> **YOUR ASSIGNMENT**
Below is a listing; repeat exactly the lines from the one containing "pose proof (ew_potential_ff_eta s'" to the one containing "assert (Es' : s'", both included.

▼

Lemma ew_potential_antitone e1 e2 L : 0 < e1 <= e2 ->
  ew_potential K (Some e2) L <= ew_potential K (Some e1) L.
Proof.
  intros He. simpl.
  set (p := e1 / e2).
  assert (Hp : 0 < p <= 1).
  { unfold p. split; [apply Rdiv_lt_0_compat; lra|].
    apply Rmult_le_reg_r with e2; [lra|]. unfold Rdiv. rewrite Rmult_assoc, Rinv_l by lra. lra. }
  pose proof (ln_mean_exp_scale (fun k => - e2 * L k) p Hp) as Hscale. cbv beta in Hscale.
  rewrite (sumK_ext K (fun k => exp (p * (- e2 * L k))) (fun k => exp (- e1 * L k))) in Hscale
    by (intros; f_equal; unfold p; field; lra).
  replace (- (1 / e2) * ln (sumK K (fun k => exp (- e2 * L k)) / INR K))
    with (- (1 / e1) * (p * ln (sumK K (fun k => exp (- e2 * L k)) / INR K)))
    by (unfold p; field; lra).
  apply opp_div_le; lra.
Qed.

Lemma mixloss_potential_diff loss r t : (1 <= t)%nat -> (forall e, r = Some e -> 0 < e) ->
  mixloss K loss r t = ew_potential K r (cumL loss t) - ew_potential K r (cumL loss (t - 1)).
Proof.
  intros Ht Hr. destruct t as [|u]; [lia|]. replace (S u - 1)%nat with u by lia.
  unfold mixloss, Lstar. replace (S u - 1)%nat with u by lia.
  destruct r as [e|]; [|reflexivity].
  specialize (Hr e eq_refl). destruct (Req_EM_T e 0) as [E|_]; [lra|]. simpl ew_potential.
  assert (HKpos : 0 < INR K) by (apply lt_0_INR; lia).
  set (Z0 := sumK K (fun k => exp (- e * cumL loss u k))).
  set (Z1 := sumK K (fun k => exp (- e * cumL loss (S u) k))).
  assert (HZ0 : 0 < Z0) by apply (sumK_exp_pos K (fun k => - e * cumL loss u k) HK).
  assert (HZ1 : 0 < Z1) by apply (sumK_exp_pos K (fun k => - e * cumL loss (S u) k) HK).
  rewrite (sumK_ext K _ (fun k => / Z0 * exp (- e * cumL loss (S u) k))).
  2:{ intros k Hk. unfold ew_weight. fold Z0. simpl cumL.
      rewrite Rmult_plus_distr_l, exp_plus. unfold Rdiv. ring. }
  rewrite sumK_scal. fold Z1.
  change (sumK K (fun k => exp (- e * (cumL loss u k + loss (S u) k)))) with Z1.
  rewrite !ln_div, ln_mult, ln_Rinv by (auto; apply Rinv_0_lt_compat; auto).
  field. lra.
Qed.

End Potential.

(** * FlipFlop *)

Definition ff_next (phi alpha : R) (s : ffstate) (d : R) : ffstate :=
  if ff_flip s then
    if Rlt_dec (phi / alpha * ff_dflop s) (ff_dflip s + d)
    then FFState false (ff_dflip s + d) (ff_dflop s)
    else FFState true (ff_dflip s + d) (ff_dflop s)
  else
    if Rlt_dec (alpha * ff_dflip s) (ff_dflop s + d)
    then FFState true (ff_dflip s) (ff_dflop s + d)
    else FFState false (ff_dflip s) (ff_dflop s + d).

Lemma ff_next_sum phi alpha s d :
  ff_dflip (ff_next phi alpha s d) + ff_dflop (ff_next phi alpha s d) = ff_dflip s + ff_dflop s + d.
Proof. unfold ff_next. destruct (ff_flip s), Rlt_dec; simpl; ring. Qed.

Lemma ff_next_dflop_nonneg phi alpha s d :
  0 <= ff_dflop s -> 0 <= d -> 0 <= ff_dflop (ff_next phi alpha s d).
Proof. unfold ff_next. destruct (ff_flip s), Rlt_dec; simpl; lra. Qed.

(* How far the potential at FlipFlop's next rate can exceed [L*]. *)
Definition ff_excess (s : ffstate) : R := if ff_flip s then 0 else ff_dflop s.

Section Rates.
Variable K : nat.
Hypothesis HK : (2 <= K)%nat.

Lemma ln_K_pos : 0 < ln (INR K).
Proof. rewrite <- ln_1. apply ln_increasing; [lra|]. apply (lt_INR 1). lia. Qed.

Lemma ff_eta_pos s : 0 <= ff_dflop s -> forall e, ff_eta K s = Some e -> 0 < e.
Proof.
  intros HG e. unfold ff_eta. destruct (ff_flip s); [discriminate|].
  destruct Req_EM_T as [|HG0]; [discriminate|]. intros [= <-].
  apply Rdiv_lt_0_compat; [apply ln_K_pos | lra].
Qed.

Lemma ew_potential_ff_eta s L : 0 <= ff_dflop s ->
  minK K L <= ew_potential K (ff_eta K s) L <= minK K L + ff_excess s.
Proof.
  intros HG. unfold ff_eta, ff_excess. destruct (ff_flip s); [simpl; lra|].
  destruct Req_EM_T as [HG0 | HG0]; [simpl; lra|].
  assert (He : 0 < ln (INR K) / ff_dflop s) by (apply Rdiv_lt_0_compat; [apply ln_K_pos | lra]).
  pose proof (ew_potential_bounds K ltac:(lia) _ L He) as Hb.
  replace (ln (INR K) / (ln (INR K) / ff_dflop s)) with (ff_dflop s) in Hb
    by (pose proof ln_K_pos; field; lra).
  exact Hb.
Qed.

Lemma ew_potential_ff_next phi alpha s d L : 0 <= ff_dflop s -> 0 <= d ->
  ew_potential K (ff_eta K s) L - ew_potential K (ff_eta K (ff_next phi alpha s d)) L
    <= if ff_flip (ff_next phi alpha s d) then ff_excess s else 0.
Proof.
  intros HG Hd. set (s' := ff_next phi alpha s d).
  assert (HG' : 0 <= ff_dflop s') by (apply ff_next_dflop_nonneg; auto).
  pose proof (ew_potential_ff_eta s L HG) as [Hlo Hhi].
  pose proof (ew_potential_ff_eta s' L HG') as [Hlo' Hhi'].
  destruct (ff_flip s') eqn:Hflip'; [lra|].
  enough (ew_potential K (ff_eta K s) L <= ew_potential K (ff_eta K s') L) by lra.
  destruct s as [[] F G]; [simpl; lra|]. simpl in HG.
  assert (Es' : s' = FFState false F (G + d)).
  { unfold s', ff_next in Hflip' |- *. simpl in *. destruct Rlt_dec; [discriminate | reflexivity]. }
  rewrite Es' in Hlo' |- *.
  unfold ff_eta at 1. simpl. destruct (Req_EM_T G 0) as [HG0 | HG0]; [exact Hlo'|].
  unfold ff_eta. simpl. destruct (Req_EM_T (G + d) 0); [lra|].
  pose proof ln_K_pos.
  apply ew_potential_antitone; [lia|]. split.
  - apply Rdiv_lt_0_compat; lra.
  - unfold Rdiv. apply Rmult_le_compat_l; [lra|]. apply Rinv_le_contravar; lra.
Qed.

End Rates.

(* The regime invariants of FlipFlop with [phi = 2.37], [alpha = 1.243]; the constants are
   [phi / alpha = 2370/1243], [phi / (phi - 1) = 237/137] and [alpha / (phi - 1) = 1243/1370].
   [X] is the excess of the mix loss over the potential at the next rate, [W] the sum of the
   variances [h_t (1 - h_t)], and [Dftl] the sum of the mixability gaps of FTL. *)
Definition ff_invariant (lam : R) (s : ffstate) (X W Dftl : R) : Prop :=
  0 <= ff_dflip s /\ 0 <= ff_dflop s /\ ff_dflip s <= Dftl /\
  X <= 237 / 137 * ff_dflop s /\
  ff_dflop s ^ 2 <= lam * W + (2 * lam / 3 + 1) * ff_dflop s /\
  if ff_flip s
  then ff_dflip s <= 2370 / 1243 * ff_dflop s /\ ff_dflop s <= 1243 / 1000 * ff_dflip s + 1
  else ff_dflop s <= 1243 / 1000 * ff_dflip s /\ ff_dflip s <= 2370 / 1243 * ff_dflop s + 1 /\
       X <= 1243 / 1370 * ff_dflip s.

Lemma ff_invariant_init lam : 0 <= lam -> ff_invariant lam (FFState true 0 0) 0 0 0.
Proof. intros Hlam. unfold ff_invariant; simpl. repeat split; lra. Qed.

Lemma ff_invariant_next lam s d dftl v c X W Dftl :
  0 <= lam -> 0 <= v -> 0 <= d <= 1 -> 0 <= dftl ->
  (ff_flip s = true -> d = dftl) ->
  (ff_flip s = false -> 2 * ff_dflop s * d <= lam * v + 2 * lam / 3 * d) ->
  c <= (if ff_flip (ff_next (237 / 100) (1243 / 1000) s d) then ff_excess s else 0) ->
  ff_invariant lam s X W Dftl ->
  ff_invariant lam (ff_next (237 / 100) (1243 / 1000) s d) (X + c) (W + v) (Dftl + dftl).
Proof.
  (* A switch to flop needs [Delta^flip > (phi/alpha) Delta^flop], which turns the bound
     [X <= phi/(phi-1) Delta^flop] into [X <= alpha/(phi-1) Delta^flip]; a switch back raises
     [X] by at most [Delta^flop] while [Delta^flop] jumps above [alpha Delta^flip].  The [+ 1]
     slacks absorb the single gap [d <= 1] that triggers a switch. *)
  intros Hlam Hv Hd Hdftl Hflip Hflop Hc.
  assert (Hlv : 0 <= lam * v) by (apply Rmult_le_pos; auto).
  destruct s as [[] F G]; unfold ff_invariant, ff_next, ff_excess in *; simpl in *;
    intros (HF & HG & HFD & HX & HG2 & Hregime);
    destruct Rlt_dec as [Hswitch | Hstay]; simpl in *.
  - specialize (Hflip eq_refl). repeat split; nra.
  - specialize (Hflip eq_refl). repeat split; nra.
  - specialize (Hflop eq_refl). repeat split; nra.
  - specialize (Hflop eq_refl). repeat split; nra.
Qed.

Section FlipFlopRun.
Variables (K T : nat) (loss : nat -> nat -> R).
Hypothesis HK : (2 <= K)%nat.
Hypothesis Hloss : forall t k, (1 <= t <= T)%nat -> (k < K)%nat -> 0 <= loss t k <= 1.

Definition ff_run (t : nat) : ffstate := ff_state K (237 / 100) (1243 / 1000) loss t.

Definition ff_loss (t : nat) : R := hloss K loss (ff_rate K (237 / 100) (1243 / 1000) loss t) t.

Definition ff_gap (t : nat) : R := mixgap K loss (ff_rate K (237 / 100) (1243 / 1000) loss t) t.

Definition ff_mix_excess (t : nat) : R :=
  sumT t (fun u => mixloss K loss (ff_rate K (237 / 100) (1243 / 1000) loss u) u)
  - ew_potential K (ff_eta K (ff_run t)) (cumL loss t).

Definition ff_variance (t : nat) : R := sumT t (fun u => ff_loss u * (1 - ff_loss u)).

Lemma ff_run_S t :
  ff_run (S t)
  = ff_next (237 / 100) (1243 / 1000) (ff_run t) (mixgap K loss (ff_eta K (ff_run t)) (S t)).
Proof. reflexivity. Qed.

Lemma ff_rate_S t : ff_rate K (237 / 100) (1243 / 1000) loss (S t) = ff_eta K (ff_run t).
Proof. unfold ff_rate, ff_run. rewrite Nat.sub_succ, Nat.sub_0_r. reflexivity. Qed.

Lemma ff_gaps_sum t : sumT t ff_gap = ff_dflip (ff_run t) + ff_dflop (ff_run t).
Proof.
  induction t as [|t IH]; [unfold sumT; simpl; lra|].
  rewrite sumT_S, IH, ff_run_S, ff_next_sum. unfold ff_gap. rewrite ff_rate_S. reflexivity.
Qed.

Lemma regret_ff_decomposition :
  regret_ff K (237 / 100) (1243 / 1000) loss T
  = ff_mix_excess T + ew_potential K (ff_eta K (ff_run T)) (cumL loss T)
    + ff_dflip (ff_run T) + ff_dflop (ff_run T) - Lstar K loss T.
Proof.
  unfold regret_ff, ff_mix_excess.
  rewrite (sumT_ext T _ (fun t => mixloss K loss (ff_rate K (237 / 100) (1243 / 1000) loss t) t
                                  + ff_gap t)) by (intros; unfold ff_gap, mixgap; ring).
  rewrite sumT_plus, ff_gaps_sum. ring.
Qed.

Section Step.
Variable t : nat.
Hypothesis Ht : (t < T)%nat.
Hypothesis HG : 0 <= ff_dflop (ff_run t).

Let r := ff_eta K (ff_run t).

▲
▼

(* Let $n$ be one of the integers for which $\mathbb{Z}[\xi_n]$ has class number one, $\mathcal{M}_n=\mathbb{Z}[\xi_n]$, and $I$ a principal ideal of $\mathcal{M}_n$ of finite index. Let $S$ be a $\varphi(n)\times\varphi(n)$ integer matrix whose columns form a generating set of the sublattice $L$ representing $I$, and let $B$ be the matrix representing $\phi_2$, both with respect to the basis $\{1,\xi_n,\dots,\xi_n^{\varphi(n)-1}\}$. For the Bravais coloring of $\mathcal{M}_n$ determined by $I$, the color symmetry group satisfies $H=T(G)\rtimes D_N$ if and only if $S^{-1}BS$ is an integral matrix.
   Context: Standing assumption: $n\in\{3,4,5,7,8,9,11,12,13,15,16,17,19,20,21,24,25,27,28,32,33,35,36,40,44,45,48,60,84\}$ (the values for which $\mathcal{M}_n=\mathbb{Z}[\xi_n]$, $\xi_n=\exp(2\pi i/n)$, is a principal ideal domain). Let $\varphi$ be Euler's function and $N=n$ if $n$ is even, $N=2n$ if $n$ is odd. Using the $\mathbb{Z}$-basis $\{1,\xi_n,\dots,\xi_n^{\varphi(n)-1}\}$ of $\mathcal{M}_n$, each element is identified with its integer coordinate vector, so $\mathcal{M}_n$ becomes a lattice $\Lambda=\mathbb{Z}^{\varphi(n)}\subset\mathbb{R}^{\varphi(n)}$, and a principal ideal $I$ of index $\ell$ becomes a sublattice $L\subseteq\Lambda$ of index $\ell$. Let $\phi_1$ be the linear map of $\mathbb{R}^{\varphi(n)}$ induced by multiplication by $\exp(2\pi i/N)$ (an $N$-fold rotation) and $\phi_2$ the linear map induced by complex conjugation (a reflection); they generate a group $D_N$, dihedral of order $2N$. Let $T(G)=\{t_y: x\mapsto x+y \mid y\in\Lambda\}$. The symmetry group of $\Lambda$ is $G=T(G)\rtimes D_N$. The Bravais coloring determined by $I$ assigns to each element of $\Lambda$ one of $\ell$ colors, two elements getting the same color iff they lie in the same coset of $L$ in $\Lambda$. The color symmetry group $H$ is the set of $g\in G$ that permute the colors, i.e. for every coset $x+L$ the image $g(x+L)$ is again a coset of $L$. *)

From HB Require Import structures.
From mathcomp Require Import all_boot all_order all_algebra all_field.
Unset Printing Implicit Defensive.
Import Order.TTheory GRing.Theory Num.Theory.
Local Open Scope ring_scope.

▲

> **OUTPUT FOR THIS TASK**
  pose proof (ew_potential_ff_eta s' L HG') as [Hlo' Hhi'].
  destruct (ff_flip s') eqn:Hflip'; [lra|].
  enough (ew_potential K (ff_eta K s) L <= ew_potential K (ff_eta K s') L) by lra.
  destruct s as [[] F G]; [simpl; lra|]. simpl in HG.
  assert (Es' : s' = FFState false F (G + d)).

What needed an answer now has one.